Жизнь внутри времени




 

Итак, появление огромного количества новых культурных предметов в эпоху неолитической революции приводит к неиз­бежному смещению традиционных обрядово-ритуальных семан­тических акцентов. Новая семантика новых культурных предме­тов не вмещается в старые обрядово-ритуальные структуры. Ведь меняется не просто материал, из которого сделаны вещи и не просто физические формы этих повседневных вещей, но и - самое главное! - неизбежно меняются их мифосемантические коды. И наоборот: отмирание целой индустрии - индустрии каменных орудий - приводит к своеобразному обесточиванию совокупности всех тех ритуалов, которые несли в себе избыточную семантику культуры каменного века.

И это дает ключ к пониманию тех трансформаций, которые происходят в это время с мифом.

"Мирское", повседневное повествовательное бытие мифа об­ретает самодостаточный характер, окончательно отрываясь от своей обрядово-ритуальной семантической основы. Но оно же, это повествовательное бытие мифа продолжает нести в себе отго­лосок наиболее древней семантики - безвозвратно утраченной с отмиранием культуры каменного века и соответствующих этой культуре обрядово-ритуальных процедур. Само не имея сакраль­ного статуса, оно оказывается вместе с тем своеобразным воспо­минанием о некоторых сакральных структурах безвозвратно ут­раченной обрядово-ритуальной деятельности.

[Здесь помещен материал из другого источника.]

(* Let $d\ge2$, $N\in\mathbb N$ and $\theta>0$. The $d$-types Moran model $\{k(t)\}_{t\ge0}$ with population size $N$ and symmetric parent-independent mutation at rate $\theta$ is self-dual with duality function $\bar D_N(k,\xi)=\prod_{i=1}^d\frac{k_i!}{(k_i-\xi_i)!}\frac{\Gamma(\frac{2\theta}{d-1})}{\Gamma(\xi_i+\frac{2\theta}{d-1})}$, where $k_d=N-\sum_{i=1}^{d-1}k_i$ and $\xi_d=N-\sum_{i=1}^{d-1}\xi_i$; that is, for all $k,\xi$ in the state space and all $t>0$, $\mathbb E_k\bar D_N(k(t),\xi)=\mathbb E_\xi\bar D_N(k,\xi(t))$, where $\{\xi(t)\}$ is a copy of the same Moran model.
   Context: $\mathbb N_0=\{0,1,2,\dots\}$, $e_i$ the $i$-th unit vector; $\frac{k!}{(k-\xi)!}$ is interpreted as $0$ when $\xi>k$. The state space is $\{k\in\mathbb N_0^{d-1}:\sum_jk_j\le N\}$ and the generator is $\mathscr L^{Mor}_{N,d,\theta}g(k)=\frac12\sum_{1\le i<j\le d-1}\big[k_i(k_j+\frac{2\theta}{d-1})(g(k-e_i+e_j)-g(k))+k_j(k_i+\frac{2\theta}{d-1})(g(k+e_i-e_j)-g(k))\big]+\frac12\sum_{i=1}^{d-1}\big[(N-\sum_{j=1}^{d-1}k_j)(k_i+\frac{2\theta}{d-1})(g(k+e_i)-g(k))+k_i(N-\sum_{j=1}^{d-1}k_j+\frac{2\theta}{d-1})(g(k-e_i)-g(k))\big]$. $\mathbb E_k$ denotes expectation for the process started at $k$. *)

From HB Require Import structures.
From mathcomp Require Import all_boot all_order all_algebra.
From mathcomp Require Import all_classical all_reals all_analysis.
Unset Printing Implicit Defensive.
Import Order.TTheory GRing.Theory Num.Theory.
Import numFieldNormedType.Exports.
Local Open Scope ring_scope.

(* States: k = (k_1,...,k_{d-1}) encoded as functions 'I_m -> nat with m = d-1. *)
Definition state (m : nat) := 'I_m -> nat.

Definition tot {m : nat} (k : state m) : nat := (\sum_(j < m) k j)%N.

Definition in_space {m : nat} (N : nat) (k : state m) : Prop := (tot k <= N)%N.

Definition mv {m : nat} (k : state m) (i j : 'I_m) : state m :=
  fun l => if l == i then (k l).-1 else if l == j then (k l).+1 else k l.
Definition up {m : nat} (k : state m) (i : 'I_m) : state m :=
  fun l => if l == i then (k l).+1 else k l.
Definition dn {m : nat} (k : state m) (i : 'I_m) : state m :=
  fun l => if l == i then (k l).-1 else k l.

Definition mutc {R : realType} (d : nat) (theta : R) : R := 2 * theta / (d.-1)%:R.

Definition Lmor {R : realType} (N d : nat) (theta : R)
    (g : state d.-1 -> R) (k : state d.-1) : R :=
  let c := mutc d theta in
  let r := (N - tot k)%N in
  2^-1 * (\sum_(i < d.-1) \sum_(j < d.-1 | (i < j)%N)
      ((k i)%:R * ((k j)%:R + c) * (g (mv k i j) - g k)
       + (k j)%:R * ((k i)%:R + c) * (g (mv k j i) - g k)))
  + 2^-1 * (\sum_(i < d.-1)
      (r%:R * ((k i)%:R + c) * (g (up k i) - g k)
       + (k i)%:R * (r%:R + c) * (g (dn k i) - g k))).

(* Transition semigroup of the (finite-state) chain:
   E_k[g(k(t))] = (exp(t L) g)(k) = sum_{n>=0} t^n/n! (L^n g)(k). *)
Definition Emor {R : realType} (N d : nat) (theta t : R)
    (g : state d.-1 -> R) (k : state d.-1) : R :=
  limn (series (fun n : nat => t ^+ n / (n`!)%:R * iter n (Lmor N d theta) g k)).

(* k!/(k-xi)! (falling factorial, 0 if xi > k) times Gamma(c)/Gamma(xi+c),
   the latter written as 1 / (c)_xi with the rising factorial
   (c)_xi = c (c+1) ... (c+xi-1). *)
Definition Dterm {R : realType} (c : R) (a b : nat) : R :=
  (a ^_ b)%:R / \prod_(l < b) (c + l%:R).

Definition Dbar {R : realType} (N d : nat) (theta : R)
    (k xi : state d.-1) : R :=
  let c := mutc d theta in
  (\prod_(i < d.-1) Dterm c (k i) (xi i)) * Dterm c (N - tot k)%N (N - tot xi)%N.

(* Every term of the generator moves one individual between two types, either two
   of the first d-1 or one of them and the d-th.  The duality function is a product
   over types, so on such a term it is Dterm c a x * Dterm c b y times factors the
   move leaves alone, and the term is the two-type Moran generator Lpair.  A direct
   computation with the recursions of the falling and rising factorials shows that
   Lpair is self-dual for Dterm c a x * Dterm c b y; hence L applied in k to D equals
   L applied in xi.  The generators acting in k and in xi commute, so L^n in k equals
   L^n in xi on the state space for every n, and the exponential series agree. *)

From HB Require Import structures.
From mathcomp Require Import all_boot all_order all_algebra.
From mathcomp Require Import all_classical all_reals all_analysis.
From mathcomp Require Import ring zify.
Import Order.TTheory GRing.Theory Num.Theory.
Local Open Scope ring_scope.

Section DualityFunction.
Variables (R : realType) (c : R).
Hypothesis c_gt0 : 0 < c.

Lemma addr_c_gt0 {x : R} : 0 <= x -> 0 < c + x.
Proof. by move=> x_ge0; rewrite ltr_pwDl. Qed.

Lemma rising_gt0 (x : nat) : 0 < \prod_(l < x) (c + l%:R).
Proof. by apply: prodr_gt0 => l _; rewrite addr_c_gt0. Qed.

Lemma natr_ffactSr (a x : nat) : ((a ^_ x.+1)%:R : R) = (a ^_ x)%:R * (a%:R - x%:R).
Proof.
rewrite ffactnSr natrM; case: (leqP x a) => [le_xa | lt_ax]; first by rewrite natrB.
by rewrite ffact_small // !mul0r.
Qed.

Lemma Dterm0 (a : nat) : Dterm c a 0 = 1.
Proof. by rewrite /Dterm ffactn0 big_ord0 divr1. Qed.

Lemma DtermS (a x : nat) :
  Dterm c a x.+1 = Dterm c a x * (a%:R - x%:R) / (c + x%:R).
Proof.
rewrite /Dterm natr_ffactSr big_ord_recr /=.
have := rising_gt0 x; have := addr_c_gt0 (ler0n R x).
by move=> /lt0r_neq0 ? /lt0r_neq0 ?; field; apply/andP.
Qed.

Lemma DtermSS (a x : nat) :
  Dterm c a.+1 x.+1 = a.+1%:R * Dterm c a x / (c + x%:R).
Proof.
rewrite /Dterm ffactSS natrM big_ord_recr /=.
have := rising_gt0 x; have := addr_c_gt0 (ler0n R x).
by move=> /lt0r_neq0 ? /lt0r_neq0 ?; field; apply/andP.
Qed.

Lemma Dterm_pred (a x : nat) :
  a%:R * Dterm c a.-1 x = Dterm c a x * (a%:R - x%:R).
Proof.
rewrite /Dterm mulrA -natrM -ffactnS natr_ffactSr.
by have /lt0r_neq0 ? := rising_gt0 x; field.
Qed.

End DualityFunction.

(* Twice the generator of the two-type Moran model with type counts (a, b) and
   mutation constant c; each term of Lmor is of this form in two coordinates. *)
Definition Lpair {R : realType} (c : R) (g : nat -> nat -> R) (a b : nat) : R :=
  a%:R * (b%:R + c) * (g a.-1 b.+1 - g a b) + b%:R * (a%:R + c) * (g a.+1 b.-1 - g a b).

Lemma eq_Lpair (R : realType) (c : R) (g h : nat -> nat -> R) (a b : nat) :
  (forall a' b', (a' + b' = a + b)%N -> g a' b' = h a' b') ->
  Lpair c g a b = Lpair c h a b.
Proof.
move=> eq_gh; have gab : g a b = h a b by exact: eq_gh.
rewrite /Lpair gab; congr (_ + _); clear gab.
  by case: a eq_gh => [|a] eq_gh; rewrite ?mul0r // eq_gh //=; lia.
by case: b eq_gh => [|b] eq_gh; rewrite ?mul0r // eq_gh //=; lia.
Qed.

И это именно та точка, в которой возникает необходимость сакрализации самого повествования (с последующей его канонизацией). Таким обра­зом и выходит, что возникновение феномена религии оказывает­ся не чем иным, как знаком начинающейся ИСТОРИИ: религия начинается там и тогда, где и когда человек впервые сталкивает­ся с фактом радикального не совпадения прошлого с настоящим, когда семантика прошлого теряет практический смысл перед на­ступлением семантики настоящего.

Именно фактор времени, свидетельствующий о некотором про­цессе развития от "прошлого" к "настоящему" является подлин­ным основанием той целостности, которая моделируется в ранних религиозно-мировоззренческих системах, и которая стягивает раз­розненную повествовательную мифологию в некое единое целое. Именно фактор времени становится тем фактором, который в ран­них религиозных системах выступает основанием упорядочения разрозненной и невнятной повествовательной мифологии.

В самом деле, любое религиозно-мировоззренческое простран­ство несет в себе представление о некоем мифологическом векто­ре развития. Представление о некоей оси "прошлое - настоящее", которая реально является полуосью, поскольку открытие време­ни первоначально совершается в проекции прошлого, но не буду­щего. На эту-то полуось и нанизывается вся совокупность имею­щихся в распоряжении данной религиозной системы мифов.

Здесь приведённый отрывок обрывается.